Конечно, внутри одной и той же культурной среды взаимопроникновение между отдельными национальными культурами достаточно сильно, а потому непреодолимой преграды для понимания здесь не существует. Мы почти полностью открыты и прозрачны друг для друга. Что вселяет надежду, впрочем, обманчивую.
Ибо не следует думать, что стоит пару раз побывать в Лувре, и с вашей визуальной культурой все будет в порядке. Наоборот. Лувр потому и существует, что визуальная рефлективность французов более структурирована благодаря практике одновременного зрительного восприятия многообразных взаимоотношений. У них есть визуальное самосознание. Как бы несправедливо это ни звучало, визуальное самосознание такого уровня есть не у каждого народа.
Или другой пример: готовить люди умеют повсюду, но в мире существует лишь две великих кухни – китайская и французская. Это значит, что следовать их рецептам, при наличии некоторого опыта и фантазии, я могу и самостоятельно, однако творчески продолжать традиции культуры питания, насчитывающие много тысяч или сотен лет, мне уже не под силу. Даже если я – необычайно талантливый венгерский повар.
Способность к рефлективности, проявляясь на культурном уровне, приводит к формированию такого коллективного самосознания, которое каждый индивид усваивает даже в том случае, если не имеет ни малейшего понятия об источниках усвоенного рефлективного знания.
Из того факта, что не существует не только венгерской кухни, но и венгерской философии, и, таким образом, венгерский язык не имеет самостоятельной и систематической понятийной рефлективности, которой каждый венгр владел бы на собственном индивидуальном уровне, следует, что каждый, кто говорит на венгерском языке, должен в каждом конкретном разговоре начинать обсуждение любой темы заново – так, как будто раньше по-венгерски никто, ни с кем, никогда и ни о чем не разговаривал. Успех разговора никак не связан с важностью сообщения или с безотлагательной необходимостью обсуждения.

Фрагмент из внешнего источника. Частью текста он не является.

Lemma connected_wordP w i j : connected_word q w -> i \in w -> j \in w ->
  connect (dyn_edge q [set k | k \in w]) i j.
Proof.
move=> /'forall_implyP /(_ i) + wi wj; rewrite inE => /(_ wi) /'forall_implyP.
by apply; rewrite inE.
Qed.

Lemma connect_dyn_edge_subset (S S' : {set 'I_n}) i j : S \subset S' ->
  connect (dyn_edge q S) i j -> connect (dyn_edge q S') i j.
Proof.
move=> /subsetP SS'; apply: connect_sub => a b /and4P [Sa Sb ab qab].
by apply: connect1; rewrite /dyn_edge !SS' ?ab.
Qed.

Lemma connected_word_cat s1 s2 i j : connected_word q s1 -> connected_word q s2 ->
  i \in s1 -> j \in s2 -> q i j * q j i != 1 -> connected_word q (s1 ++ s2).
Proof.
move=> conn1 conn2 s1i s2j qij; set S := [set k | k \in s1 ++ s2].
have sym : connect_sym (dyn_edge q S).
  apply: sym_connect_sym => a b; rewrite /dyn_edge mulrC eq_sym.
  by case: (a \in S); case: (b \in S).
have sub1 : [set k | k \in s1] \subset S by apply/subsetP => k; rewrite !inE mem_cat => ->.
have sub2 : [set k | k \in s2] \subset S.
  by apply/subsetP => k; rewrite !inE mem_cat orbC => ->.
have ij : connect (dyn_edge q S) i j.
  have [<-|nij] := eqVneq i j; first exact: connect0.
  by apply: connect1; rewrite /dyn_edge !inE !mem_cat s1i s2j orbT nij qij.
have from_i k : k \in S -> connect (dyn_edge q S) i k.
  rewrite inE mem_cat => /orP [s1k|s2k].
    exact: connect_dyn_edge_subset sub1 (connected_wordP conn1 s1i s1k).
  exact: connect_trans ij (connect_dyn_edge_subset sub2 (connected_wordP conn2 s2j s2k)).
apply/'forall_implyP => a Sa; apply/'forall_implyP => b Sb.
by apply: connect_trans (from_i b Sb); rewrite sym; apply: from_i.
Qed.

Lemma bzero_ctx_beval t : ~~ connected_word q (leaves t) -> bzero_ctx (beval q t).
Proof.
elim: t => [i|l IHl r IHr] /=; first by rewrite connected_word1.
move=> disconn; rewrite /brk.
case conn_l: (connected_word q (leaves l)); last first.
  apply: bzero_ctx_sub; first by apply/bzero_ctx_mull/IHl; rewrite conn_l.
  by apply/bzero_ctx_scale/bzero_ctx_mulr/IHl; rewrite conn_l.
case conn_r: (connected_word q (leaves r)); last first.
  apply: bzero_ctx_sub; first by apply/bzero_ctx_mulr/IHr; rewrite conn_r.
  by apply/bzero_ctx_scale/bzero_ctx_mull/IHr; rewrite conn_r.
apply: bzero_ctx_brk; [exact: homog_beval | exact: homog_beval |].
move=> i j li rj; apply/eqP; apply: contraNT disconn => qij.
exact: connected_word_cat conn_l conn_r li rj qij.
Qed.

Lemma tlin_beval_eq0 t h z : perm_eq h z -> ~~ connected_word q h ->
  tlin (beval q t) (omega_coef z) = 0.
Proof.
move=> hz disconn; have [th|not_th] := boolP (perm_eq (leaves t) h).
  by apply/bzero_ctx_tlin/bzero_ctx_beval; rewrite (perm_connected_word th).
rewrite /tlin big_seq big1 // => x tx; rewrite omega_coef_eq0 ?mulr0 //.
apply: contra not_th => xz; rewrite perm_sym in hz.
by apply: perm_trans (perm_trans xz hz); rewrite perm_sym homog_beval.
Qed.

Lemma bzero_mono_of_inL h : ~~ connected_word q h -> inL q (mono F h) -> bzero q (mono F h).
Proof.
move=> disconn [c h_comb] z; rewrite tcoef_omega tlin_mono.
have [hz|not_hz] := boolP (perm_eq h z); last exact: omega_coef_eq0.
have comb0 : tlin (flatten [seq tscale x.1 (beval q x.2) | x <- c]) (omega_coef z) = 0.
  elim: c {h_comb} => [|x c IHc] /=; first by rewrite /tlin big_nil.
  by rewrite tlin_cat tlin_scale IHc (tlin_beval_eq0 _ hz disconn) mulr0 addr0.
by have := h_comb z; rewrite tcoef_omega tlin_sub tlin_mono comb0 subr0.
Qed.
End Nichols.

Theorem lemma2p2 (F : closedFieldType) (hchar : [pchar F] =i pred0)
    (n : nat) (q : 'I_n -> 'I_n -> F) (hq : forall i j, q i j != 0) :
  (* (i) *)
  (forall u v : seq 'I_n, u != [::] -> v != [::] ->
     (forall i j, i \in u -> j \in v -> q i j * q j i = 1) ->
     bzero q (brk q (mono F u) (mono F v) u v))
  /\
  (* (ii) *)
  (forall h : seq 'I_n, h != [::] -> ~~ connected_word q h ->
     forall t : btree n, leaves t = h -> bzero q (beval q t))
  /\
  (* (iii) *)
  (forall h : seq 'I_n, h != [::] -> ~ bzero q (mono F h) ->
     ~~ connected_word q h -> ~ inL q (mono F h)).
Proof.
split; [|split].
- move=> u v _ _ comm; apply/bzero_ctx_bzero/bzero_ctx_brk => //; exact: homog_mono.
- by move=> h _ disconn t th; apply/bzero_ctx_bzero/bzero_ctx_beval; rewrite th.
- by move=> h _ nonzero disconn /(bzero_mono_of_inL disconn).
Qed.
Definition sensitive {X : Type} (d : X -> X -> R) (g : X -> X) : Prop :=
  exists eta, 0 < eta /\ forall x N, nbhd d x N ->
    exists y n, N y /\ d (Nat.iter n g x) (Nat.iter n g y) > eta.

Definition chaotic {X : Type} (d : X -> X -> R) (g : X -> X) : Prop :=
  onto g /\ top_transitive d g /\ dense_periodic d g /\ sensitive d g.

(* Sequences psi(1), psi(2), ... are encoded as c : nat -> bool with c i = psi(i+1). *)
Definition cantor := nat -> bool.
Definition b2R (b : bool) : R := if b then 1 else 0.
Definition cantor_term (p q : cantor) (i : nat) : R :=
  Rabs (b2R (p i) - b2R (q i)) / 2 ^ (S i).
Definition is_cantor_metric (d : cantor -> cantor -> R) : Prop :=
  forall p q, infinite_sum (cantor_term p q) (d p q).

Definition fiber {Y : Type} (f : cantor -> Y) (y : Y) : cantor -> Prop :=
  fun x => f x = y.

Definition Dspace {Y : Type} (f : cantor -> Y) : Type :=
  { D : cantor -> Prop | exists y, D = fiber f y }.

Definition h_map {Y : Type} (f : cantor -> Y) (y : Y) : Dspace f :=
  exist _ (fiber f y) (ex_intro _ y eq_refl).

Definition image_set {X : Type} (g : X -> X) (D : X -> Prop) : X -> Prop :=
  fun x => exists z, D z /\ g z = x.

Definition decomp_open {Y : Type} (d : cantor -> cantor -> R) (f : cantor -> Y)
  (U : Dspace f -> Prop) : Prop :=
  metric_open d (fun x => exists D : Dspace f, U D /\ proj1_sig D x).

Definition maps_fibers {Y : Type} (f : cantor -> Y) (G : cantor -> cantor) : Prop :=
  forall D : Dspace f, exists D' : Dspace f, image_set G (proj1_sig D) = proj1_sig D'.

Definition H_map {Y : Type} (f : cantor -> Y) (G : cantor -> cantor)
  (HG : maps_fibers f G) (D : Dspace f) : Dspace f :=
  proj1_sig (constructive_indefinite_description _ (HG D)).

Definition bijective {A B : Type} (g : A -> B) : Prop :=
  (forall a a', g a = g a' -> a = a') /\ (forall b, exists a, g a = b).

Definition homeomorphism {A B : Type} (openA : (A -> Prop) -> Prop)
  (openB : (B -> Prop) -> Prop) (g : A -> B) : Prop :=
  bijective g /\
  (forall V, openB V -> openA (fun a => V (g a))) /\
  (forall U, openA U -> openB (fun b => exists a, U a /\ g a = b)).

From Stdlib Require Import Reals.
Open Scope R_scope.
From Stdlib Require Import Lra Lia Arith List Classical ClassicalEpsilon ProofIrrelevance.

(* Since [f] semiconjugates [G] to [F] ([f o G = F o f], because [G] maps the
   fibre over [y] onto the fibre over [F y]), the map [h] identifies [Y] with
   the decomposition space, and [F] inherits from [G] everything that passes
   to factors: surjectivity, transitivity and density of periodic points
   (images under the continuous surjection [f]).  Continuity of [F] and of
   [h^-1] comes from [f] being a quotient map, which holds because Cantor
   space is sequentially compact.  Sensitivity does not pass to factors; it
   is recovered on [Y] by the theorem of Banks et al.: on an infinite metric
   space, a continuous transitive map with dense periodic points is
   sensitive. *)

Lemma iter_periodic_mul {X} (g : X -> X) n p :
  Nat.iter n g p = p -> forall k, Nat.iter (k * n) g p = p.
Proof.
  intros Hp k; induction k as [|k IH]; [reflexivity|].
  replace (S k * n)%nat with (n + k * n)%nat by lia.
  rewrite Nat.iter_add, IH; exact Hp.
Qed.

Lemma iter_periodic_mod {X} (g : X -> X) n p :
  (0 < n)%nat -> Nat.iter n g p = p ->
  forall m, Nat.iter m g p = Nat.iter (m mod n) g p.
Proof.
  intros Hn Hp m.
  transitivity (Nat.iter (m mod n + n * (m / n)) g p).
  - f_equal. rewrite Nat.add_comm. apply Nat.div_mod. lia.
  - rewrite Nat.iter_add, Nat.mul_comm, iter_periodic_mul; auto.
Qed.

Lemma iter_periodic_above {X} (g : X -> X) n p k :
  (0 < n)%nat -> Nat.iter n g p = p ->
  exists i, (i <= n)%nat /\ Nat.iter (i + k) g p = p.
Proof.
  intros Hn Hp. exists (n - k mod n)%nat. split; [lia|].
  pose proof (Nat.div_mod k n ltac:(lia)). pose proof (Nat.mod_upper_bound k n ltac:(lia)).
  replace (n - k mod n + k)%nat with ((k / n + 1) * n)%nat by nia.
  apply iter_periodic_mul; exact Hp.
Qed.

Lemma common_small_radius (P : nat -> R -> Prop) (n : nat) :
  (forall i, (i < n)%nat -> exists e, 0 < e /\ forall e', 0 < e' -> e' <= e -> P i e') ->
  exists e, 0 < e /\ forall i, (i < n)%nat -> P i e.
Proof.
  intros H.
  assert (Hmono : exists e, 0 < e /\ forall e', 0 < e' -> e' <= e ->
                    forall i, (i < n)%nat -> P i e').
  { induction n as [|n IH].
    - exists 1; split; [lra | intros; lia].
    - destruct IH as [e1 [He1 H1]]; [intros i Hi; apply H; lia|].
      destruct (H n (Nat.lt_succ_diag_r n)) as [e2 [He2 H2]].
      exists (Rmin e1 e2). split; [apply Rmin_case; lra|].
      intros e' He' Hle i Hi.
      pose proof (Rmin_l e1 e2). pose proof (Rmin_r e1 e2).
      destruct (Nat.eq_dec i n) as [->|Hne]; [apply H2 | apply H1]; try lra; lia. }
  destruct Hmono as [e [He Hall]].
  exists e. split; [exact He|]. apply Hall; lra.
Qed.

Lemma open_ext {X} (d : X -> X -> R) (P Q : X -> Prop) :
  (forall x, P x <-> Q x) -> metric_open d P -> metric_open d Q.
Proof.
  intros E HP x Qx. destruct (HP x (proj2 (E x) Qx)) as [e [He H]].
  exists e; split; auto. intros y Hy; apply E, H, Hy.
Qed.

Lemma continuous_open_preimage {X Z} dX dZ (g : X -> Z) U :
  metric_continuous dX dZ g -> metric_open dZ U -> metric_open dX (fun x => U (g x)).
Proof.
  intros Hg HU x Ux. destruct (HU (g x) Ux) as [e [He H]].
  destruct (Hg x e He) as [dl [Hdl H2]]. exists dl; split; auto.
  intros y Hy. apply H, H2, Hy.
Qed.

Section MetricSpace.
Variable Y : Type.
Variable rho : Y -> Y -> R.
Hypothesis Hrho : is_metric rho.

Lemma rho_nonneg x y : 0 <= rho x y. Proof. apply Hrho. Qed.
Lemma rho_refl x : rho x x = 0. Proof. apply Hrho; reflexivity. Qed.
Lemma rho_sym x y : rho x y = rho y x. Proof. apply Hrho. Qed.
Lemma rho_triangle x y z : rho x z <= rho x y + rho y z. Proof. apply Hrho. Qed.

Lemma rho_pos x y : x <> y -> 0 < rho x y.
Proof.
  intros H. destruct (rho_nonneg x y) as [h|h]; auto.
  exfalso; apply H, Hrho; auto.
Qed.

Lemma ball_open x r : metric_open rho (ball rho x r).
Proof.
  intros y Hy. unfold ball in *. exists (r - rho x y). split; [lra|].
  intros z Hz. pose proof (rho_triangle x y z). lra.
Qed.

Lemma ball_center x r : 0 < r -> ball rho x r x.
Proof. intros Hr. unfold ball. rewrite rho_refl. exact Hr. Qed.

Lemma iter_continuous (F : Y -> Y) :
  metric_continuous rho rho F -> forall n, metric_continuous rho rho (Nat.iter n F).
Proof.
  intros HF n; induction n as [|n IH]; intros x eps He.
  - exists eps; split; auto.
  - destruct (HF (Nat.iter n F x) eps He) as [d1 [Hd1 H1]].
    destruct (IH x d1 Hd1) as [d2 [Hd2 H2]].
    exists d2; split; auto. intros y Hy. apply H1, H2, Hy.
Qed.

Lemma iter_continuous_upto (F : Y -> Y) :
  metric_continuous rho rho F ->
  forall n q eta, 0 < eta -> exists delta, 0 < delta /\
    forall z, rho q z < delta -> forall i, (i < n)%nat ->
      rho (Nat.iter i F q) (Nat.iter i F z) < eta.
Proof.
  intros HF n q eta Heta.
  destruct (common_small_radius
     (fun i e => forall z, rho q z < e -> rho (Nat.iter i F q) (Nat.iter i F z) < eta) n)
    as [e [He He']].
  { intros i Hi. destruct (iter_continuous F HF i q eta Heta) as [d [Hd H]].
    exists d; split; auto. intros e' _ Hle z Hz. apply H; lra. }
  exists e; split; auto.
Qed.

Section Banks.
Variable F : Y -> Y.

В великих культурах, обладающих собственной философией, это не так. Там выработаны устойчивые структуры, которыми каждый пользуется, как ножом и вилкой. Не может не пользоваться, о чем бы ни думал. Вот почему ни в одной другой стране, кроме Венгрии, демократически избранный премьер-министр не может заявить: «У нас развелось слишком много философов!». Хайдеггера невозможно перевести на венгерский язык не потому, что его произведения чересчур трудны для восприятия. Наоборот, его именно потому гораздо труднее читать по-венгерски, чем по-немецки, что специально ради Хайдеггера невозможно разработать те отсутствующие в венгерском языке структуры, в которых этот философ, мысля на немецком языке, чувствовал себя совершенно непринужденно.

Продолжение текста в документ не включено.